Despite these contributions, this study has several limitations. First, as
previously mentioned, the predictor and some of the mediating variables were
collected at the same time point. As a result, caution should be exercised in
concluding a cause-effect relationship between those constructs. Second, with the
exception of the observation based parenting practice variables, all other variables
used in this analysis were dependent on maternal self-report. Any time data is
collected via self-report there is an inherent bias towards underreporting and it is
often less reliable. It is very possible that mothers endorsed inaccurate depressive
and distress symptoms, and less substance use, skewing the results. Also, when
talking to an unfamiliar data collector mothers may have denied using negative
parenting styles in their home. Third, the substance use variable incorporated in the
current study was not entirely adequate. It was especially problematic because it
failed to consider the frequency of use. A more sufficient measure of substance use
would have improved this study. Another limitation is that several indicators for the
FIA construct were relatively weak. Although the variables in this construct were
based on empirical literature, stressful life events is a complicated variable because
individuals react differently to various stressors and some events such as a death in
the family may be more stressful than other events such as being bothered by a bill
collector. Also, what may be viewed as stressful to one parent may not be viewed
as stressful to another. Therefore, one individual may develop symptoms following
a stressful event, while another may not and it is difficult to use these types of
events as a measure of stress. Additional indicators, not available in the EHS
dataset, could have improved the fit and helped clarify the explored relationships.

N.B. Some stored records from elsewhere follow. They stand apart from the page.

Lemma intersection_gap_homotopic a b :
  I_comp (fun x => forall l, A l x) a b -> path_homotopic a b alpha beta.
Proof.
  intros [Aa [Ab [hab Hnone]]].
  assert (nmid : ~ forall l, A l ((a + b) / 2)) by (apply Hnone; lra).
  apply not_all_ex_not in nmid as [l1 hl1].
  destruct (closed_gap_around (A l1) a b ((a + b) / 2)) as [a0 [b0 [Hmid [ha0 hb0]]]];
    [exact (tower_closed HA l1)|exact (Aa l1)|exact (Ab l1)|lra|exact hl1|].
  pose proof Hmid as [Aa0 [Ab0 _]].
  destruct (last_points_exist A a a0 l1) as [e [He Ee]];
    [exact HA|exact Aa|lra|exact Aa0|intros x Hx h1 h2; apply (Hnone x); [lra|exact Hx]|].
  destruct (last_points_exist (fun n x => A n (- x)) (- b) (- b0) l1) as [f [Hf Ef]];
    [exact (decreasing_tower_opp A HA)|intro n; rewrite Ropp_involutive; exact (Ab n)|lra
    |rewrite Ropp_involutive; exact Ab0|intros x Hx h1 h2; apply (Hnone (- x)); [lra|exact Hx]|].
  assert (Hmid' : I_comp (A l1) (e l1) (- f l1))
    by (rewrite Ee, Ef, Ropp_involutive; exact Hmid).
  pose proof (A_cut l1) as [Hbounds _].
  pose proof (Hbounds a (Aa l1)). pose proof (Hbounds b (Ab l1)). unfold in_int in *.
  apply (scattered_products_on alpha beta (two_ladders a b e f)); [exact W|exact hab| | | |].
  - apply (is_path_sub 0 1); [lra|lra|lra|exact alpha_path].
  - apply (is_path_sub 0 1); [lra|lra|lra|exact beta_path].
  - exact (two_ladders_scattered a b l1 e f He Hf Hmid').
  - exact (two_ladders_cut_set a b l1 e f He Hf Hmid').
Qed.
End IntersectionGaps.
End Ordinals.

Perhaps incorporating cultural factors, child temperament, or social support into the
model would have provided a better fit. Finally, all of the participants in the current
study were from low-income families and so the results of this research can only be
generalized to the population studied.
Because parenting is a complex process with multiple determinants, many
factors have been shown to influence parenting styles. Future studies should
consider testing the current model with a more heterogeneous sample, perhaps a
sample with a less limited range of income, which may yield different results.
Additional studies are needed that look at whether the relationships between family
instability and adverse life events, psychosocial risk, parenting classes, and
parenting practices differ for mothers of boys and mothers of girls and for mothers
of varying ethnicities. This study showed that family instability and adverse life
events had a detrimental impact on maternal functioning and that parenting classes
may be helpful for mothers. Future studies should investigate ways to minimize the
effects of stress and maximize parenting class attendance. In the current study,
maternal psychosocial risk did not mediate the relationship between FIA and
negative parenting practices. Researchers conducting studies with the EFIS sample
could consider examining additional indirect pathways from stressful experiences to
parenting practices in the hopes of discovering variables that explain this
relationship. Individual characteristics of parents and children, coping styles, and
levels of social support may impact the risk of harmful parenting under stressful
conditions. Prospective research with EHS data may want to determine if the
conceptual model would be a better fit using data from different time points.
Additionally, future studies with this sample may want to use a more adequate
measure of substance use and exclude financial stress variables because the majority
of people in this sample have financial stress. Despite the moderate fit of the
current model and the lack of evidence for some of the hypothesized relations, the
results of this study suggest that parenting stress, maternal symptomatology, and
parenting classes have implications for parenting behavior.